> Work instruction
Using the records below, write out again exactly the lines that begin at the line containing "sw : pred int)" and end at the line containing "- by move=> v", and no other lines.

(Source records)
=== Begin Enclosure ===
Lemma mu_theta_level_split {th} : 1 < th ->
  mu_theta th G <= mu_theta_restrict th G p (>= K.+1%:Z) (>= K.+1%:Z) +
    mu_theta_restrict th G p (pred1 K%:Z) (>= K.+1%:Z) +
    mu_theta_restrict th G p (>= K.+1%:Z) (pred1 K%:Z).
Proof.
move=> th1; rewrite /mu_theta /mu_theta_restrict !muthetaE.
apply: persp_powR_le_sum3 (restrict_admissible _ _) (restrict_admissible _ _)
  (restrict_admissible _ _) => //.
- exact: (muE_ge0 gG).
- apply: sum_fset_filter_cover3 => [e /(gE_gt0 gG)[/(gmu_gt0 gG) ? /(gmu_gt0 gG) ?]|e eE].
    by rewrite mulr_ge0 ?ltW.
  exact: near_level_cases (levels e eE).
have mass_le (T : {fset rat}) : {in T, forall t, 0 < t} ->
    muT G (restrict p (>= K.+1%:Z) T) + muT G (restrict p (pred1 K%:Z) T) <= muT G T.
  move=> T0; apply: sum_fset_filter_disjoint => [t /T0 /(gmu_gt0 gG) /ltW //|t _].
  by rewrite /=; lia.
have mass_ge0 s (T : {fset rat}) : {in T, forall t, 0 < t} -> 0 <= muT G (restrict p s T).
  by move=> /(restrict_gt0 s) /(muT_ge0 gG).
have := mass_le _ (gV_gt0 gG); have := mass_le _ (gW_gt0 gG).
have := mass_ge0 (>= K.+1%:Z) _ (gV_gt0 gG); have := mass_ge0 (pred1 K%:Z) _ (gV_gt0 gG).
have := mass_ge0 (>= K.+1%:Z) _ (gW_gt0 gG); have := mass_ge0 (pred1 K%:Z) _ (gW_gt0 gG).
nra.
Qed.

End Restriction.

Lemma exdiv_logn p n : prime p -> (0 < n)%N -> exdiv p (logn p n) n.
Proof. by move=> p_prime n0; rewrite /exdiv !pfactor_dvdn // leqnn ltnn. Qed.

Definition set_at (h : nat -> int) (p : nat) (k : int) : nat -> int :=
  fun q => if q == p then k else h q.

Definition extend {R : realType} (G : gcd_graph R) (p i j : nat) V W E : gcd_graph R :=
  GCDGraph (gmu G) V W E (p |` gP G) (set_at (gf G) p i) (set_at (gg G) p j).

(* [f'(p) = i] and [g'(p) = j] are valid multiplicative data on the part of [G] whose
   [p]-adic valuations satisfy [sv] and [sw]. *)
Definition valuation_data {R : realType} (G : gcd_graph R) p (sv sw : pred int)
    (i j : nat) : Prop :=
  [/\ forall x, sv x -> i%:Z <= x, forall x, sw x -> j%:Z <= x &
      {in gE G, forall e : rat * rat, sv (ep p e.1) -> sw (ep p e.2) ->
         Num.min (ep p e.1) (ep p e.2) = (minn i j)%:Z}].

Section Extension.
Context {R : realType} {G : gcd_graph R} {p i j : nat} {sv sw : pred int}.
Hypotheses (gG : is_gcd_graph G) (p_prime : prime p) (pNP : p \notin gP G).
Hypothesis data : valuation_data G p sv sw i j.
Context {V W : {fset rat}} {E : {fset (rat * rat)}}.
Hypothesis sub : is_subgraph V W E (restrict p sv (gV G)) (restrict p sw (gW G))
  (restrict_edges p sv sw (gE G)).

Let G' := extend G p i j V W E.

Lemma set_at_eq h k : set_at h p k p = k.
Proof. by rewrite /set_at eqxx. Qed.

Lemma set_at_id h k q : q \in gP G -> set_at h p k q = h q.
Proof. by move=> qP; rewrite /set_at ifN //; apply: contraNneq pNP => <-. Qed.

Lemma restrict_logn {v : rat} {s : pred int} {k : nat} {T : {fset rat}} :
  (forall x, s x -> k%:Z <= x) -> v \in restrict p s T ->
  [/\ v \in T, ep p v = (logn p (qnum v))%:Z, logn p (qden v) = 0%N
     & (k <= logn p (qnum v))%N].
Proof.
move=> s_ge /[!inE] /andP[vT /s_ge kv].
by have [evE d0] := ep_ge0E p_prime (le_trans (le0z_nat k) kv); split=> //; lia.
Qed.

Lemma extend_is_gcd_graph : is_gcd_graph G'.
Proof.
have [VV WW EE] := sub; have [svi swj minij] := data.
have [[mu_gt0 _] [P_prime P_data]] := gG.
split; [split=> //; split; [|split]|split].
- by move=> v /(fsubsetP VV) /(restrict_gt0 _ (gV_gt0 gG)).
- by move=> w /(fsubsetP WW) /(restrict_gt0 _ (gW_gt0 gG)).
- by move=> e /EE /and3P[_ -> ->].
- by move=> q /fset1UP[->|/P_prime].
move=> q /fset1UP[->|qP] v w /(fsubsetP VV) vV /(fsubsetP WW) wW; last first.
  have vG : v \in gV G by move: vV; rewrite inE => /andP[].
  have wG : w \in gW G by move: wW; rewrite inE => /andP[].
  rewrite /= !set_at_id //; case: (P_data q qP v w vG wG) => ? ? ? ? vw_data.
  by split=> // /EE /and3P[/[!inE] /andP[/vw_data]].
rewrite /= !set_at_eq /=.
have [_ ev dv iv] := restrict_logn svi vV; have [_ ew dw jw] := restrict_logn swj wW.
have v0 : (0 < qnum v)%N by rewrite qnum_gt0 gt_eqF // (restrict_gt0 _ (gV_gt0 gG) _ vV).
have w0 : (0 < qnum w)%N by rewrite qnum_gt0 gt_eqF // (restrict_gt0 _ (gW_gt0 gG) _ wW).
split; rewrite ?expn0 ?dvd1n ?pfactor_dvdn //.
move=> /EE /and3P[/[!inE] /andP[vwE /andP[sv1 sw2]] _ _].
have := minij _ vwE sv1 sw2; rewrite /= ev ew => min_ij.
have -> : minn i j = minn (logn p (qnum v)) (logn p (qnum w)) by lia.
have -> : minn 0 0 = logn p (gcdn (qden v) (qden w)) by rewrite logn_gcd ?qden_gt0 // dv dw.
by rewrite -logn_gcd //; split; apply: exdiv_logn; rewrite // gcdn_gt0 ?v0 ?qden_gt0.
Qed.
=== End Enclosure ===
> Result for this task
Definition valuation_data {R : realType} (G : gcd_graph R) p (sv sw : pred int)
    (i j : nat) : Prop :=
  [/\ forall x, sv x -> i%:Z <= x, forall x, sw x -> j%:Z <= x &
      {in gE G, forall e : rat * rat, sv (ep p e.1) -> sw (ep p e.2) ->
         Num.min (ep p e.1) (ep p e.2) = (minn i j)%:Z}].

Section Extension.
Context {R : realType} {G : gcd_graph R} {p i j : nat} {sv sw : pred int}.
Hypotheses (gG : is_gcd_graph G) (p_prime : prime p) (pNP : p \notin gP G).
Hypothesis data : valuation_data G p sv sw i j.
Context {V W : {fset rat}} {E : {fset (rat * rat)}}.
Hypothesis sub : is_subgraph V W E (restrict p sv (gV G)) (restrict p sw (gW G))
  (restrict_edges p sv sw (gE G)).

Let G' := extend G p i j V W E.

Lemma set_at_eq h k : set_at h p k p = k.
Proof. by rewrite /set_at eqxx. Qed.

Lemma set_at_id h k q : q \in gP G -> set_at h p k q = h q.
Proof. by move=> qP; rewrite /set_at ifN //; apply: contraNneq pNP => <-. Qed.

Lemma restrict_logn {v : rat} {s : pred int} {k : nat} {T : {fset rat}} :
  (forall x, s x -> k%:Z <= x) -> v \in restrict p s T ->
  [/\ v \in T, ep p v = (logn p (qnum v))%:Z, logn p (qden v) = 0%N
     & (k <= logn p (qnum v))%N].
Proof.
move=> s_ge /[!inE] /andP[vT /s_ge kv].
by have [evE d0] := ep_ge0E p_prime (le_trans (le0z_nat k) kv); split=> //; lia.
Qed.

Lemma extend_is_gcd_graph : is_gcd_graph G'.
Proof.
have [VV WW EE] := sub; have [svi swj minij] := data.
have [[mu_gt0 _] [P_prime P_data]] := gG.
split; [split=> //; split; [|split]|split].
- by move=> v /(fsubsetP VV) /(restrict_gt0 _ (gV_gt0 gG)).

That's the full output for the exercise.